OurPlanetTVより/ 甲状腺がん190人〜公表データ以外の把握、検討へ

(県民健康調査検討委員会、今回もOurPlanetTVで中継して下さいました。今回は、3巡目の検査でさらに甲状腺がんの子どもの数が増えたこと、にもかかわらず、市町村別の数を公表せず、浜通り中通り等の地域別になったこと、「3・11甲状腺がん子ども基金」の支援受給者によって明らかになった、経過観察中の甲状腺がん発症がカウントされていなかったことへの批判が殺到したこと、第三者機関の設置についての方向性にやはり懸念がみえてきたことなど、重要な回だったと感じました。 子ども全国ネット) 



記者会見(データに含まれていない症例把握について活発に質問が飛んだ)

東京電力福島第一原発事故後、福島県が実施している「県民健康調査」の検討委員会が5日、開催され、事故当時18歳以下だった福島県民38万人に実施している甲状腺検査の新たなデータが公表でされた。それによると、2巡目の検査で、悪性または悪性疑いと診断された子どもは、前回の69人より2人増え71人となった。また3巡目の結果も公表され、4人が悪性または悪性疑いと診断された。1巡目から3巡目をあわせた数は、甲状腺がんの悪性または悪性疑いが191人。手術を終えた人は7人増え、1人をのぞく152人が甲状腺がんと確定した。

資料はこちら。

「経過観察」の症例把握の方法を検討へ

福島県の甲状腺検査をめぐっては、2次検査の時点ですぐに穿刺細胞診を実施せず、「経過」となった子どもが、その後、甲状腺がんと診断された場合、検討委員会へ公表しているデータには含まれないことが、今年3月に発覚。県の担当者は会議の中で、「検査後の経過観察の中でがんが判明した場合などは追跡が困難であり、個人の情報の問題もあり、報告していなかった」と説明した。

これに対して委員からは批判が殺到。甲状腺専門医の清水一雄委員は、「根拠のないデータに基づいて検討しなければ、この検討委員会の議論は空論になる。事実がわからなければ、何のために検査をしているかわからない」と指摘。また、国立がん研究センターの津金昌一郎委員も「公表されていない症例を除外したデータでは、国際的な論文は書けないと思う。当然、それらのデータは共有していただきたい」と述べた。また環境省の梅田珠実環境保健部長も、「保健診療に移行すると、別ルートとして扱われるというのは由々しき事態。この検査の信頼性に関わる。現在、実施しているサポート事業には、基礎資料として把握するという目的もあり、把握する努力をすべきだ」と提案。他の委員からも、「個人情報に配慮しながらできるかぎり把握すべきだ」との意見が相次いだ。

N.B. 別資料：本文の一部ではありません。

(* [y] is the average [h^-1 \int_0^h T s g ds], the limit of its dyadic Riemann sums *)
Lemma smoothing_exists h g : 0 < h <= 1 -> exists y : E,
  [/\ forall e, (forall s, 0 <= s < h -> `|T s g - g| <= e) -> `|y - g| <= e,
      forall t, 0 <= t <= h -> `|T t y - y| <= M * (2 * M * `|g| * (t / h))
    & forall t, 0 <= t <= 2 -> `|T t y - y| <= M * `|T t g - g|].
Proof.
move=> hh; have /andP[h0 h1] := hh.
have M1_gt0 : 0 < M + 1 by apply: addr_gt0.
have /cvg_ex[y uy] := dyadic_riemann_sum_cvg h g hh.
exists y; split.
- move=> e He; apply: (norm_le_lim_lipschitz (fun v => v - g) ltr01 _ uy).
    by move=> v w; rewrite opprB addrA subrK mul1r.
  move=> eps eps0; apply: nearW => N.
  apply: le_trans (riemann_sum_dist h g _ e (pow2_gt0 N) h0 He) _.
  by rewrite lerDl ltW.
- move=> t /andP[t0 th].
  have t2 : 0 <= t <= 2 by rewrite t0 /=; lra.
  apply: (norm_le_lim_lipschitz (fun v => T t v - v) M1_gt0
    (fun v w => orbit_step_lipschitz t v w t2) uy).
  move=> eps eps0; have eM : 0 < eps / M by rewrite divr_gt0.
  apply: filterS (dyadic_modulus h g _ h0 eM) => N hN.
  apply: le_trans (riemann_sum_lipschitz sg M1 hM h g _ t _ (pow2_gt0 N) hh _ hN) _.
    by rewrite t0 th.
  by rewrite [M * (eps / M)]mulrCA mulfV ?lt0r_neq0 ?mulr1.
- move=> t t2; have /andP[t0 _] := t2.
  apply: (norm_le_lim_lipschitz (fun v => T t v - v) M1_gt0
    (fun v w => orbit_step_lipschitz t v w t2) uy).
  move=> eps eps0; apply: nearW => N.
  apply: le_trans (riemann_sum_orbit_le sg hM h g _ t (pow2_gt0 N) hh t0) _.
  by rewrite lerDl ltW.
Qed.

End smoothing.

(** * The bounded ultrapower *)

Definition zero_on {I : Type} {E : nmodType} (J : set I) (x : I -> E) : I -> E :=
  fun i => if pselect (J i) then 0 else x i.

Lemma zero_on_in {I : Type} {E : nmodType} (J : set I) (x : I -> E) i :
  J i -> zero_on J x i = 0.
Proof. by rewrite /zero_on; case: pselect. Qed.

Lemma zero_on_notin {I : Type} {E : nmodType} (J : set I) (x : I -> E) i :
  ~ J i -> zero_on J x i = x i.
Proof. by rewrite /zero_on; case: pselect. Qed.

星北斗座長は、「できるだけ早期に、枠組そのものを見直すべきかもしれない。全国に散らばる患者を追いかけるのかなどが、今後の検討課題だ」とした上で、現在のデータからこぼれている症例の把握や報告方法について検討する方針を示した。

サポート事業に報告症例外が3例

検討委員会ではじめて、「甲状腺検査サポート事業」の実施状況についても報告があった。福島県民健康調査で2次検査となった、主に18歳以上の患者の医療費を助成する事業で、2015年7月に開始している。報告によると、医療費の助成を受けたのは、2015年度で延べ121件、2016年度で延べ104件の計225件で、交付人数は192人。そのうち、甲状腺がんの手術費用の助成を受けたのは62人だった。また、そのうち3人が、検討委員会でデータが公表されない「経過観察」後にがんが見つかった患者であることも報告された。

第 27 回「県民健康調査」検討委員会(後半=甲状腺がんに関する討議)

 

市町村別のデータ公表見合わせ

今回初めて、公表された3巡目の甲状腺検査結果。この結果の公表方法が、これまでと大きく変わった。これまで市町村単位で公表されていた結果報告を変え、避難指示が出るなどした13市町村、中通り、浜通り、会津地方の4つの地域に分けて、人数を公表したのである。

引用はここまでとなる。